Work instruction = The answer should consist solely of the lines from the first one below through the line containing "Definition assort_prod (V", copied exactly.
▬▬▬
(* Let $G$ be a cycle on $n_2\geq 3$ vertices. Then the graph $G^{\dagger}$ (for any choice of pairing in its construction) is neutral.
   Context: All graphs are finite and simple. A leaf is a vertex of degree one. The leaf-connecting operation on a graph $G$ produces $G^{\dagger}$ as follows: (1) for each vertex $v$ of $G$, attach $d_v$ new pendant vertices (leaves) to $v$; (2) repeatedly join a pair of leaves by an edge until no leaf is left (so the new pendant vertices are paired up by a perfect matching). For a graph $G=(V,E)$ with $m=|E|\geq1$ and degrees $d_u$, the assortativity coefficient is $$r(G)=\frac{m^{-1}\sum_{e_{uv}\in E} d_{u}d_{v}-\Big[m^{-1}\sum_{e_{uv}\in E} \tfrac{1}{2}(d_{u}+d_{v})\Big]^{2}}{m^{-1}\sum_{e_{uv}\in E} \tfrac{1}{2}(d^{2}_{u}+d^{2}_{v})-\Big[m^{-1}\sum_{e_{uv}\in E} \tfrac{1}{2}(d_{u}+d_{v})\Big]^{2}},$$ sums over edges counting each edge once, defined whenever the denominator is nonzero; $G$ is neutral if $r(G)$ is defined and equals $0$. *)

From mathcomp Require Import all_boot all_order all_algebra.
Set Implicit Arguments. Unset Strict Implicit. Unset Printing Implicit Defensive.
Import Order.TTheory GRing.Theory Num.Theory.

Definition simple_graph (V : finType) (E : rel V) : Prop :=
  (forall x y, E x y = E y x) /\ (forall x, E x x = false).

Definition deg (V : finType) (E : rel V) (x : V) : nat := #|[set y | E x y]|.

Definition edges (V : finType) (E : rel V) : {set {set V}} :=
  [set A : {set V} | (#|A| == 2) &&
     [forall x in A, forall y in A, (x != y) ==> E x y]].

Local Open Scope ring_scope.

Definition nedges (V : finType) (E : rel V) : nat := #|edges E|.

Definition assort_prod (V : finType) (E : rel V) : rat :=
  (nedges E)%:R^-1 * \sum_(A in edges E) \prod_(u in A) (deg E u)%:R.
Definition assort_mean (V : finType) (E : rel V) : rat :=
  (nedges E)%:R^-1 * \sum_(A in edges E) (2%:R^-1 * \sum_(u in A) (deg E u)%:R).
Definition assort_sq (V : finType) (E : rel V) : rat :=
  (nedges E)%:R^-1 * \sum_(A in edges E) (2%:R^-1 * \sum_(u in A) ((deg E u)%:R ^+ 2)).

Definition assort_num (V : finType) (E : rel V) : rat :=
  assort_prod E - (assort_mean E) ^+ 2.
Definition assort_den (V : finType) (E : rel V) : rat :=
  assort_sq E - (assort_mean E) ^+ 2.

(* assortativity coefficient r(G) (meaningful when [assort_defined]) *)
Definition assortativity (V : finType) (E : rel V) : rat :=
  assort_num E / assort_den E.
Definition assort_defined (V : finType) (E : rel V) : bool :=
  (1 <= nedges E)%N && (assort_den E != 0).

Definition neutral (V : finType) (E : rel V) : Prop :=
  assort_defined E /\ assortativity E = 0.

(* The new pendant vertices: d_v of them attached to each vertex v. *)
Definition pendant (T : finType) (e : rel T) : finType :=
  {v : T & 'I_(deg e v)}.

(* G^dagger, given the pairing p of the pendant vertices (a perfect matching,
   encoded as a fixed-point-free involution, see [is_pairing]).
   Vertices: old vertices (inl) and pendant vertices (inr). *)
Definition dagger (T : finType) (e : rel T) (p : pendant e -> pendant e)
  : rel (T + pendant e)%type :=
  fun x y =>
    match x, y with
    | inl u, inl v => e u v
    | inl u, inr a => u == tag a
    | inr a, inl u => tag a == u
    | inr a, inr b => p a == b
    end.

Definition is_pairing (P : finType) (p : P -> P) : Prop :=
  (forall x, p (p x) = x) /\ (forall x, p x != x).

Definition is_cycle (T : finType) (e : rel T) (n : nat) : Prop :=
  exists f : 'I_n -> T, bijective f /\
    forall i j : 'I_n, e (f i) (f j) = ((i.+1 %% n == j)%N || (j.+1 %% n == i)%N).

From mathcomp Require Import all_boot all_order all_algebra.
From mathcomp Require Import zify ring.
Set Implicit Arguments. Unset Strict Implicit. Unset Printing Implicit Defensive.
Import Order.TTheory GRing.Theory Num.Theory.
Local Open Scope ring_scope.

(* In G^dagger an original vertex v has degree 2 d_v and a pendant vertex has
   degree 2.  If G is r-regular on N vertices, double counting the edges of
   G^dagger gives rN/2 edges with end degrees (2r, 2r), rN with (2r, 2) and
   rN/2 with (2, 2).  Hence the mean end degree is r + 1 and the mean product
   of end degrees is (r + 1)^2, so the numerator of r(G^dagger) vanishes,
   while the denominator is (r - 1)^2.  A cycle is the case r = 2. *)

Lemma big_set2 (R : Type) (idx : R) (op : Monoid.com_law idx) (V : finType)
    (u v : V) (g : V -> R) :
  u != v -> \big[op/idx]_(w in [set u; v]) g w = op (g u) (g v).
Proof. by move=> uv; rewrite big_setU1 ?inE // big_set1. Qed.

Section EdgeDoubleCounting.
Variables (V : finType) (E : rel V).
Hypothesis E_simple : simple_graph E.

Lemma adj_neq u v : E u v -> u != v.
Proof.
by case: E_simple => _ Eirr Euv; apply: contraTneq Euv => ->; rewrite Eirr.
Qed.

Lemma edges_set2 u v : E u v -> [set u; v] \in edges E.
Proof.
case: E_simple => Esym _ Euv; rewrite inE cards2 adj_neq //=.
apply/forallP=> x; apply/implyP=> /set2P xuv.
apply/forallP=> y; apply/implyP=> /set2P yuv.
by apply/implyP; case: xuv yuv => -> [] ->; rewrite ?eqxx // Esym.
Qed.

Lemma edgesP A : A \in edges E -> exists a b, E a b /\ A = [set a; b].
Proof.
rewrite inE => /andP[/cards2P[a [b [ab ->]]] /forallP/(_ a)].
rewrite set21 => /forallP/(_ b); rewrite set22 ab /= => Eab.
by exists a, b.
Qed.

Lemma adj_fibre_set2 a b : E a b ->
  [pred uv : V * V | E uv.1 uv.2 && ([set uv.1; uv.2] == [set a; b])]
    =i [set (a, b); (b, a)].
Proof.
case: E_simple => Esym _ Eab [u v] /=; rewrite in_set2 !xpair_eqE.
apply/andP/idP => [[/adj_neq uv /eqP uvab] | ].
  move: (set21 u v) (set22 u v) uv; rewrite uvab.
  by do 2 case/set2P=> ->; rewrite ?eqxx ?orbT.
by case/orP=> /andP[/eqP-> /eqP->]; rewrite ?Eab // Esym Eab setUC.
Qed.

Lemma edge_double_count (R : nmodType) (F : {set V} -> R) :
  (\sum_(A in edges E) F A) *+ 2 = \sum_u \sum_(v | E u v) F [set u; v].
Proof.
rewrite pair_big_dep.
rewrite (partition_big (fun uv => [set uv.1; uv.2]) (mem (edges E))) /=;
  last by case=> u v /edges_set2.
rewrite -sumrMnl; apply: eq_bigr => A /edgesP[a [b [Eab ->]]].
rewrite (eq_bigr (fun _ => F [set a; b])) => [|uv /andP[_ /eqP->] //].
rewrite sumr_const (eq_card (adj_fibre_set2 Eab)) cards2 xpair_eqE.
by rewrite (negbTE (adj_neq Eab)).
Qed.

End EdgeDoubleCounting.

Lemma sum_adj_const (R : nmodType) (V : finType) (E : rel V) x (c : R) :
  \sum_(y | E x y) c = c *+ deg E x.
Proof. by rewrite sumr_const; congr (_ *+ _); apply: eq_card => y; rewrite inE. Qed.

Section Dagger.
Variables (T : finType) (e : rel T) (p : pendant e -> pendant e).
Hypothesis e_simple : simple_graph e.
Hypothesis p_pairing : is_pairing p.

Local Notation E := (dagger p).

Lemma dagger_simple : simple_graph E.
Proof.
case: e_simple p_pairing => esym eirr [pK p_neq]; split.
  case=> [u|a] [v|b] //=; rewrite ?esym ?(eq_sym u) //.
  by apply/eqP/eqP => <-.
by case=> [u|a] /=; rewrite ?eirr // (negbTE (p_neq a)).
Qed.

Lemma sum_pendant_at (R : nmodType) x (c : R) :
  \sum_(a : pendant e | tag a == x) c = c *+ deg e x.
Proof.
have := big_tag (op := +%R) (fun v (_ : 'I_(deg e v)) => c) x.
rewrite sumr_const card_ord => ->.
by apply: eq_bigr => a /eqP ax; rewrite (untagE _ _ ax).
Qed.

Lemma sum_dagger_inl (R : nmodType) (g : T + pendant e -> R) x :
  \sum_(v | E (inl x) v) g v =
  \sum_(y | e x y) g (inl y) + \sum_(a | tag a == x) g (inr a).
Proof.
by rewrite big_sumType; congr (_ + _); apply: eq_bigl => a; rewrite /= eq_sym.
Qed.

Lemma sum_dagger_inr (R : nmodType) (g : T + pendant e -> R) a :
  \sum_(v | E (inr a) v) g v = g (inl (tag a)) + g (inr (p a)).
Proof. by rewrite big_sumType /= (big_pred1 (tag a)) ?(big_pred1 (p a)). Qed.

Lemma deg_dagger_inl x : deg E (inl x) = (deg e x).*2.
Proof.
apply/eqP; rewrite -(eqr_nat rat) -sum_adj_const sum_dagger_inl.
by rewrite sum_adj_const sum_pendant_at -addnn natrD.
Qed.

Lemma deg_dagger_inr a : deg E (inr a) = 2.
Proof. by apply/eqP; rewrite -(eqr_nat rat) -sum_adj_const sum_dagger_inr. Qed.

Section Regular.
Variable r : nat.
Hypothesis e_regular : forall x, deg e x = r.

Lemma sum_dagger_adj (h : nat -> nat -> rat) :
  \sum_u \sum_(v | E u v) h (deg E u) (deg E v) =
  (h r.*2 r.*2 + h r.*2 2 + h 2 r.*2 + h 2 2) *+ (r * #|T|).
Proof.
rewrite big_sumType /= (partition_big (fun a : pendant e => tag a) predT) //=.
rewrite -big_split /= mulrnA -sumr_const; apply: eq_big => // x _.
have deg_inl y : deg E (inl y) = r.*2 by rewrite deg_dagger_inl e_regular.
rewrite sum_dagger_inl (deg_inl x).
rewrite [X in X + _ + _ = _](eq_bigr (fun=> h r.*2 r.*2)) => [|y _];
  last by rewrite (deg_inl y).
rewrite [X in _ + X + _ = _](eq_bigr (fun=> h r.*2 2)) => [|a _];
  last by rewrite (deg_dagger_inr a).
rewrite [X in _ + X = _](eq_bigr (fun=> h 2 r.*2 + h 2 2)) => [|a _]; last first.
  by rewrite sum_dagger_inr !deg_dagger_inr deg_inl.
by rewrite sum_adj_const !sum_pendant_at e_regular -!mulrnDl addrA.
Qed.

Lemma sum_dagger_edges (F : {set T + pendant e} -> rat) (h : nat -> nat -> rat) :
  (forall u v, E u v -> F [set u; v] = h (deg E u) (deg E v)) ->
  \sum_(A in edges E) F A =
  (h r.*2 r.*2 + h r.*2 2 + h 2 r.*2 + h 2 2) * (r * #|T|)%:R / 2.
Proof.
move=> Fh; apply: (@mulIf _ 2) => //; rewrite mulfVK // mulr_natr.
rewrite (edge_double_count dagger_simple) mulr_natr -sum_dagger_adj.
by apply: eq_bigr => u _; apply: eq_bigr => v; apply: Fh.
Qed.

Theorem dagger_regular_neutral : (2 <= r)%N -> (0 < #|T|)%N -> neutral E.
Proof.
move=> r_ge2 T_gt0; pose k : rat := (r * #|T|)%:R.
have k_gt0 : 0 < k by rewrite ltr0n muln_gt0 T_gt0 andbT; lia.
have k_neq0 : k != 0 by rewrite gt_eqF.
have r1_neq0 : r%:R - 1 != 0 :> rat by rewrite subr_eq0 pnatr_eq1; lia.
have adjE := adj_neq dagger_simple.
have m_eq : (nedges E)%:R = 2 * k.
  by rewrite -sumr_const (sum_dagger_edges (h := fun _ _ => 1)) //= -/k; field.
have prod_eq : \sum_(A in edges E) \prod_(u in A) (deg E u)%:R =
                2 * (r%:R + 1) ^+ 2 * k.
  rewrite (sum_dagger_edges (h := fun a b => a%:R * b%:R)) => [|u v /adjE uv].
    by rewrite /= -/k -!muln2 !natrM; field.
  by rewrite big_set2.
have mean_eq : \sum_(A in edges E) (2^-1 * \sum_(u in A) (deg E u)%:R) =
                2 * (r%:R + 1) * k.
  rewrite (sum_dagger_edges (h := fun a b => 2^-1 * (a%:R + b%:R)))
    => [|u v /adjE uv].
    by rewrite /= -/k -!muln2 !natrM; field.
  by rewrite big_set2.
have sq_eq : \sum_(A in edges E) (2^-1 * \sum_(u in A) (deg E u)%:R ^+ 2) =
              4 * (r%:R ^+ 2 + 1) * k.
  rewrite (sum_dagger_edges (h := fun a b => 2^-1 * (a%:R ^+ 2 + b%:R ^+ 2)))
    => [|u v /adjE uv].
    by rewrite /= -/k -!muln2 !natrM; field.
  by rewrite big_set2.
clearbody k.
have num_eq : assort_num E = 0.
  by rewrite /assort_num /assort_prod /assort_mean m_eq prod_eq mean_eq; field.
have den_eq : assort_den E = (r%:R - 1) ^+ 2.
  by rewrite /assort_den /assort_sq /assort_mean m_eq sq_eq mean_eq; field.
split; last by rewrite /assortativity num_eq mul0r.
by rewrite /assort_defined den_eq expf_neq0 // andbT -(ltr0n rat) m_eq mulr_gt0.
Qed.

End Regular.
End Dagger.

Lemma val_ordS n (i : 'I_n) : val (ordS i) = (if i.+1 == n then 0 else i.+1)%N.
Proof.
rewrite /=; case: eqP => [->|/eqP i1_neq]; first by rewrite modnn.
by rewrite modn_small // ltn_neqAle i1_neq ltn_ord.
Qed.

Lemma ordS_neq n (i : 'I_n) : (1 < n)%N -> ordS i != i.
Proof. by rewrite -val_eqE val_ordS /=; case: ifP => /eqP; lia. Qed.

Lemma ordS_neq_ord_pred n (i : 'I_n) : (2 < n)%N -> ordS i != ord_pred i.
Proof.
rewrite -(can2_eq (@ordSK n) (@ord_predK n)) -val_eqE !val_ordS /=.
by have := ltn_ord i; do 2 case: ifP => /eqP; lia.
Qed.

Section Cycle.
Variables (n : nat) (T : finType) (e : rel T) (f : 'I_n -> T).
Hypothesis f_bij : bijective f.
Hypothesis f_adj :
  forall i j, e (f i) (f j) = (i.+1 %% n == j)%N || (j.+1 %% n == i)%N.

Lemma cycle_adjE i j : e (f i) (f j) = (j == ordS i) || (j == ord_pred i).
Proof.
by rewrite f_adj -(can2_eq (@ordSK n) (@ord_predK n)) -!val_eqE /= eq_sym.
Qed.

Lemma card_cycle : #|T| = n.
Proof. by rewrite -(bij_eq_card f_bij) card_ord. Qed.

Lemma cycle_simple : (1 < n)%N -> simple_graph e.
Proof.
move=> n_gt1; have [g _ gK] := f_bij; split=> [x y|x].
  by rewrite -(gK x) -(gK y) !f_adj orbC.
rewrite -(gK x) cycle_adjE -(can2_eq (@ordSK n) (@ord_predK n)) eq_sym orbb.
exact/negbTE/ordS_neq.
Qed.

Lemma cycle_deg x : (2 < n)%N -> deg e x = 2.
Proof.
move=> n_gt2; have [g _ gK] := f_bij; rewrite -(gK x) /deg.
have -> : [set y | e (f (g x)) y] = f @: [set ordS (g x); ord_pred (g x)].
  apply/setP => y; rewrite -(gK y) inE cycle_adjE (mem_imset _ _ (bij_inj f_bij)).
  by rewrite in_set2.
by rewrite card_imset ?cards2 ?ordS_neq_ord_pred //; apply: bij_inj.
Qed.
End Cycle.

Theorem lemma5 (T : finType) (e : rel T) (n : nat)
  (p : pendant e -> pendant e) :
  (3 <= n)%N -> is_cycle e n -> is_pairing p -> neutral (dagger p).
Proof.
move=> n_ge3 [f [f_bij f_adj]] p_pairing.
have e_simple := cycle_simple f_bij f_adj (ltnW n_ge3).
apply: (@dagger_regular_neutral _ _ _ e_simple p_pairing 2) => // [x|].
  exact: cycle_deg f_bij f_adj x n_ge3.
by rewrite (card_cycle f_bij) (leq_trans _ n_ge3).
Qed.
▬▬▬
Written solution =
(* Let $G$ be a cycle on $n_2\geq 3$ vertices. Then the graph $G^{\dagger}$ (for any choice of pairing in its construction) is neutral.
   Context: All graphs are finite and simple. A leaf is a vertex of degree one. The leaf-connecting operation on a graph $G$ produces $G^{\dagger}$ as follows: (1) for each vertex $v$ of $G$, attach $d_v$ new pendant vertices (leaves) to $v$; (2) repeatedly join a pair of leaves by an edge until no leaf is left (so the new pendant vertices are paired up by a perfect matching). For a graph $G=(V,E)$ with $m=|E|\geq1$ and degrees $d_u$, the assortativity coefficient is $$r(G)=\frac{m^{-1}\sum_{e_{uv}\in E} d_{u}d_{v}-\Big[m^{-1}\sum_{e_{uv}\in E} \tfrac{1}{2}(d_{u}+d_{v})\Big]^{2}}{m^{-1}\sum_{e_{uv}\in E} \tfrac{1}{2}(d^{2}_{u}+d^{2}_{v})-\Big[m^{-1}\sum_{e_{uv}\in E} \tfrac{1}{2}(d_{u}+d_{v})\Big]^{2}},$$ sums over edges counting each edge once, defined whenever the denominator is nonzero; $G$ is neutral if $r(G)$ is defined and equals $0$. *)

From mathcomp Require Import all_boot all_order all_algebra.
Set Implicit Arguments. Unset Strict Implicit. Unset Printing Implicit Defensive.
Import Order.TTheory GRing.Theory Num.Theory.

Definition simple_graph (V : finType) (E : rel V) : Prop :=
  (forall x y, E x y = E y x) /\ (forall x, E x x = false).

Definition deg (V : finType) (E : rel V) (x : V) : nat := #|[set y | E x y]|.

Definition edges (V : finType) (E : rel V) : {set {set V}} :=
  [set A : {set V} | (#|A| == 2) &&
     [forall x in A, forall y in A, (x != y) ==> E x y]].

Local Open Scope ring_scope.

Definition nedges (V : finType) (E : rel V) : nat := #|edges E|.

Definition assort_prod (V : finType) (E : rel V) : rat :=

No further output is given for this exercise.